My problem is that my equipment makes me a lot of money in other places I have. I have 0 trucks for plowing but I only own 2 machines I usually rent my friends to load salt at my shop and mine go out on job sites not necessary but makes life easier, I have no problem buying more machines, so then I guess what should a good profit margin be? On my other sites most are not bid they go with me for service and I'm not cheap, my bids are what I call add ons meaning trucks are in area and no biggie if it takes another hour per truck to do I consider it profit because my route pay the bills with out the jobs I get from bidding. What is good about this is that the landscape maintenance contact was $65,000 this year and the guy is not doing a good job so f they are happy with snow I can match the price and have the grass, then board has the right to turn not a 3 year deal if I want. Me I would usually get 75% to 100% profit on my smilers jobs I donor see that working here, they say they want to be treated like they are#1 but hat are they willing to pay for? Give me sone typically profit margins


----------



## ponyboy (Dec 19, 2006)

What s pre plowing?


----------



## Mick76 (Aug 2, 2009)

TCLA meant pre salting.... we can't give you a profit margin... you know your costs which is a big step up from most posts on here... figure how much you need to make per machine/shoveler.... you already have your hours approximated...multiple the two and bingo you have your price......
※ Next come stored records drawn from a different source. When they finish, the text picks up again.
Lemma covers_O_of_atom x a q :
  atom x -> le a q -> le x q -> ~ le x a -> le q (join a x) -> covers_O a q.
Proof.
  intros Ha Haq Hxq Hxa Hqax.
  split; [split; [exact Haq | intros <-; exact (Hxa Hxq)] |].
  intros [v [_ [[Hav Hnav] [Hvq Hnvq]]]].
  destruct (atom_le_or_le_neg x v Ha) as [Hxv | Hxv].
  - apply Hnvq, le_antisym; [exact Hvq |].
    apply (le_trans _ Hqax), join_lub; assumption.
  - apply Hnav, le_antisym; [exact Hav |].
    apply (le_trans (meet v (neg x))).
    + apply meet_glb; [apply le_refl | rewrite <- (neg_neg v); now apply neg_anti].
    + apply le_join_iff; rewrite joinC; exact (le_trans q Hvq Hqax).
Qed.

Lemma open_filter_prime x : atom x -> prime_filter_O (open_filter x).
Proof.
  intro Ha; split; [split; [| split; [| split]] | split].
  - now intros u [Hu _].
  - split; [apply open_top | apply le_top].
  - intros u v [_ Hxu] Hv Huv; split; [exact Hv | exact (le_trans u Hxu Huv)].
  - intros u v [Hu Hxu] [Hv Hxv]; split; [now apply open_meet | now apply meet_glb].
  - intros [_ H]; exact (atom_not_le_bot x Ha H).
  - intros u v Hu Hv [_ H].
    destruct (atom_le_join x u v Ha H); [left | right]; split; assumption.
Qed.

(* For x = u ∧ ◇x, the open u ∧ ¬◇x is covered by u, the gap being x. *)
Lemma open_filter_slicing x : atom x -> locally_closed x -> slicing_filter_O (open_filter x).
Proof.
  intros Ha Hlc; apply locally_closed_iff in Hlc as [u [Hu Hx]].
  split; [now apply open_filter_prime |].
  assert (Hxu : le x u) by (rewrite Hx; apply meet_l).
  assert (Hxa : ~ le x (meet u (neg (dia x)))).
  { intro H; apply (atom_not_le_bot x Ha); rewrite <- (meet_neg (dia x)).
    apply meet_glb; [apply dia_ext | apply (le_trans _ H), meet_r]. }
  assert (Ha_open : is_open (meet u (neg (dia x))))
    by (apply open_meet; [exact Hu | unfold dia; rewrite neg_neg; apply open_box]).
  exists (meet u (neg (dia x))), u.
  split; [exact Ha_open | split; [exact Hu | split; [split; assumption | split]]].
  - intros [_ H]; exact (Hxa H).
  - apply (covers_O_of_atom x); [exact Ha | apply meet_l | exact Hxu | exact Hxa |].
    rewrite <- (join_meet_neg_meet u (dia x)) at 1; rewrite <- Hx; apply le_refl.
Qed.

(* Across a covering pair a ⋖ b of opens, every open u either contains
   b ∧ ¬a or is disjoint from it, according as a ∨ (b ∧ u) is b or a. *)
Lemma covers_O_diff_decides_opens a b u :
  covers_O a b -> is_open a -> is_open b -> is_open u ->
  le (meet b (neg a)) u \/ le (meet b (neg a)) (neg u).
Proof.
  intros Hcov Ha Hb Hu.
  assert (Hv : is_open (join a (meet b u)))
    by (apply open_join; [exact Ha | now apply open_meet]).
  assert (Hvb : le (join a (meet b u)) b)
    by (apply join_lub; [exact (proj1 (proj1 Hcov)) | apply meet_l]).
  destruct (covers_O_cases a b _ Hcov Hv (join_l _ _) Hvb) as [E | E].
  - right; apply le_iff_meet_neg; rewrite neg_neg.
    apply le_bot_eq; rewrite <- (meet_neg a); apply meet_glb.
    + rewrite <- E at 2; apply (le_trans (meet b u)); [|apply join_r].
      apply meet_mono; [apply meet_l | apply le_refl].
    + apply (le_trans (meet b (neg a))); apply meet_l || apply meet_r.
  - left; apply le_join_iff; rewrite <- E at 1.
    apply join_mono; [apply le_refl | apply meet_r].
Qed.
End OpenFilters.

Section T0Algebra.
Context {M : MTAlg} (T0 : @T0_algebra M).
Implicit Types a b c d e u w x : M.

Lemma T0_exists_wlc_le z :
  z <> bot -> exists w, weakly_locally_closed w /\ w <> bot /\ le w z.
Proof.
  intro Hz; destruct (T0 z) as [S [HS ->]].
  destruct (sup_ne_bot S Hz) as [w [Sw Hw]].
  exists w; split; [now apply HS | split; [exact Hw | now apply sup_ub]].
Qed.

Lemma atom_of_opens_decide d :
  d <> bot -> (forall u, is_open u -> le d u \/ le d (neg u)) -> atom d.
Proof.
  intros Hd Hdec; apply atom_of_min; [exact Hd |]; intros e He Hed.
  destruct (T0_exists_wlc_le e He) as [w [[s [c [[T [HT Hs]] [Hc Hwsc]]]] [Hw Hwe]]].
  apply (le_trans w); [| exact Hwe].
  assert (Hwd : le w d) by exact (le_trans e Hwe Hed).
  assert (Hside : forall y, le d y \/ le d (neg y) -> le w y -> le d y).
  { intros y [H | H] Hwy; [exact H | exfalso].
    apply Hw, le_bot_eq; rewrite <- (meet_neg y).
    apply meet_glb; [exact Hwy | exact (le_trans d Hwd H)]. }
  rewrite Hwsc; apply meet_glb.
  - rewrite Hs; apply inf_greatest; intros u Tu.
    apply Hside; [now apply Hdec, HT |].
    apply (le_trans s); [rewrite Hwsc; apply meet_l | rewrite Hs; now apply inf_lb].
  - apply Hside; [| rewrite Hwsc; apply meet_r].
    pose proof (Hdec (neg c) (open_neg c Hc)) as H; rewrite neg_neg in H; tauto.
Qed.

Lemma slicing_filter_open_filter (G : M -> Prop) :
  slicing_filter_O G -> exists d, atom d /\ G = open_filter d.
Proof.
  intros [[[HGo [_ [HGup HGmeet]]] [_ HGprime]] [a [b [Ha [Hb [HGb [HGa Hcov]]]]]]].
  set (d := meet b (neg a)).
  assert (Hd : d <> bot).
  { intro E; apply (proj2 (proj1 Hcov)), le_antisym; [exact (proj1 (proj1 Hcov)) |].
    now apply le_iff_meet_neg. }
  exists d; split.
  { apply atom_of_opens_decide; [exact Hd |].
    intros u Hu; exact (covers_O_diff_decides_opens a b u Hcov Ha Hb Hu). }
  apply functional_extensionality; intro u; apply propositional_extensionality; split.
  - intro HGu; split; [now apply HGo |].
    destruct (covers_O_diff_decides_opens a b u Hcov Ha Hb (HGo u HGu)) as [H | H];
      [exact H | exfalso].
    apply HGa, (HGup (meet u b)); [now apply HGmeet | exact Ha |].
    apply le_iff_meet_neg, le_bot_eq; rewrite <- (meet_neg u); apply meet_glb.
    + apply (le_trans (meet u b)); apply meet_l.
    + apply (le_trans d); [apply meet_mono; [apply meet_r | apply le_refl] | exact H].
  - intros [Hu Hdu].
    assert (HGj : G (join a u))
      by (apply (HGup b); [exact HGb | now apply open_join | now apply le_join_iff]).
    destruct (HGprime a u Ha Hu HGj) as [H | H]; [contradiction | exact H].
Qed.

Lemma locally_closed_of_open_filter_slicing x :
  atom x -> slicing_filter_O (open_filter x) -> locally_closed x.
Proof.
  intros Ha [_ [a [b [Ha_open [Hb [[_ Hxb] [HFa Hcov]]]]]]].
  assert (Hxa : ~ le x a) by (intro; apply HFa; split; assumption).
  assert (Hz : meet (meet b (dia x)) (neg x) = bot).
  { apply NNPP; intro Hz.
    destruct (T0_exists_wlc_le _ Hz) as [w [[s [c [Hs [Hc Hwsc]]]] [Hw Hwz]]].
    destruct (proj1 (le_meet_iff _ _ _) Hwz) as [Hwbd Hwnx].
    destruct (proj1 (le_meet_iff _ _ _) Hwbd) as [Hwb Hwdx].
    assert (Hws : le w s) by (rewrite Hwsc; apply meet_l).
    assert (Hwc : le w c) by (rewrite Hwsc; apply meet_r).
    assert (Hxs : le x s) by exact (atom_le_saturated x s w Ha Hs Hw Hws Hwdx).
    assert (Hxc : le x (neg c)).
    { destruct (atom_le_or_le_neg x c Ha) as [H | H]; [exfalso | exact H].
      apply (proj1 Ha), le_neg_self, (le_trans w); [| exact Hwnx].
      rewrite Hwsc; now apply meet_glb. }
    (* the open a ∨ (b ∧ ¬c) lies between a and b and contains x, so it is b *)
    set (v := join a (meet b (neg c))).
    assert (Hv : v = b).
    { assert (Hv_open : is_open v) by (apply open_join;
        [exact Ha_open | apply open_meet; [exact Hb | now apply open_neg]]).
      assert (Hvb : le v b)
        by (apply join_lub; [exact (proj1 (proj1 Hcov)) | apply meet_l]).
      destruct (covers_O_cases a b v Hcov Hv_open (join_l _ _) Hvb) as [E | E];
        [exfalso | exact E].
      apply Hxa; rewrite <- E; unfold v.
      apply (le_trans (meet b (neg c))); [now apply meet_glb | apply join_r]. }
    assert (Hwa : le w a).
    { apply (le_of_le_join_neg w a c); [| exact Hwc].
      rewrite <- Hv in Hwb; apply (le_trans _ Hwb); unfold v.
      apply join_mono; [apply le_refl | apply meet_r]. }
    apply Hxa, (atom_le_open x a Ha Ha_open), (ne_bot_le w _ Hw), meet_glb; assumption. }
  apply locally_closed_iff; exists b; split; [exact Hb |].
  apply le_antisym; [apply meet_glb; [exact Hxb | apply dia_ext] |].
  now apply le_iff_meet_neg.
Qed.
End T0Algebra.

Section Morphisms.
Context {M N : MTAlg} (h : M -> N) (Hh : complete_bool_hom h).

Lemma hom_bot : h bot = bot.
Proof.
  destruct Hh as [Hsup _]; unfold bot at 1; rewrite Hsup.
  apply le_bot_eq, sup_least; intros y [x [[] _]].
Qed.

Lemma hom_mono a b : le a b -> le (h a) (h b).
Proof.
  intro H; destruct Hh as [_ [Hinf _]].
  rewrite <- (meet_eq_l a b H); unfold meet; rewrite Hinf.
  apply inf_lb; exists b; split; [now right | reflexivity].
Qed.

Lemma le_hom_left_adj y : le y (h (left_adj h y)).
Proof.
  destruct Hh as [_ [Hinf _]]; unfold left_adj; rewrite Hinf.
  apply inf_greatest; intros z [x [Hx ->]]; exact Hx.
Qed.

Lemma left_adj_galois y u : le y (h u) <-> le (left_adj h y) u.
Proof.
  split; intro H; [now apply inf_lb |].
  apply (le_trans _ (le_hom_left_adj y)), hom_mono, H.
Qed.

Lemma atom_left_adj y : atom y -> atom (left_adj h y).
Proof.
  intro Hy; pose proof Hh as [_ [_ Hneg]]; split.
  - intro E; apply (atom_not_le_bot y Hy).
    rewrite <- hom_bot, <- E; apply le_hom_left_adj.
  - intros [x [[_ Hx] [Hxl Hnxl]]].
    destruct (atom_le_or_le_neg y (h x) Hy) as [H | H].
    + apply Hnxl, le_antisym; [exact Hxl | now apply left_adj_galois].
    + rewrite <- Hneg in H; apply left_adj_galois in H.
      apply Hx; symmetry; apply le_neg_self, (le_trans _ Hxl H).
Qed.
End Morphisms.

Lemma MT_morphism_open {M N : MTAlg} (f : M -> N) (u : M) :
  MT_morphism f -> is_open u -> is_open (f u).
Proof.
  intros [_ Hbox] Hu; apply le_antisym; [apply box_defl |].
  rewrite <- Hu at 1; apply Hbox.
Qed.

Lemma preimage_open_filter {M N : MTAlg} (f : M -> N) (y : N) :
  MT_morphism f ->
  (fun a : M => is_open a /\ open_filter y (f a)) = open_filter (left_adj f y).
Proof.
  intro Hf; apply functional_extensionality; intro u; apply propositional_extensionality.
  split.
  - intros [Hu [_ H]]; split; [exact Hu | now apply (left_adj_galois f (proj1 Hf))].
  - intros [Hu H]; split; [exact Hu | split; [now apply MT_morphism_open |]].
    now apply (left_adj_galois f (proj1 Hf)).
Qed.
PS if they've recieved bad service now they might be willing to pay you more for the "#1" .....just a fyi


----------



## ponyboy (Dec 19, 2006)

Well my bid went in today. 3 bidders total I was in middle only 300 off from low bid and 500 off from high bid, the winning bid will be chosen at the next hoa meeting in 10 days, the proprety manger is pushing for me because he knows my workers. I feel good my price was fair as well as the other bidders time will tell if I get the contractb


----------



## NickT (Feb 1, 2011)

Looks like your in a good place, right in the middle hope you get the job


----------



## ponyboy (Dec 19, 2006)

Wow just an update after all this time and rebid due to their stupid ness I found out Friday indid not get it the other guy lowered his prices to keep it. I'm glad he did in the time it tookto award plus the 2 meetings with the board members I picked up other work on my term not theirs even though smaller acou ts they are more money so I happy. I was sent letter by a board member saying thanks and sorry buthe feels I will be getting maintenance and plowing for next year I was out voted by one vote and 2 of the voters are stepping down this year. I'm fine with what happened I'm just shocked how long it took to award


----------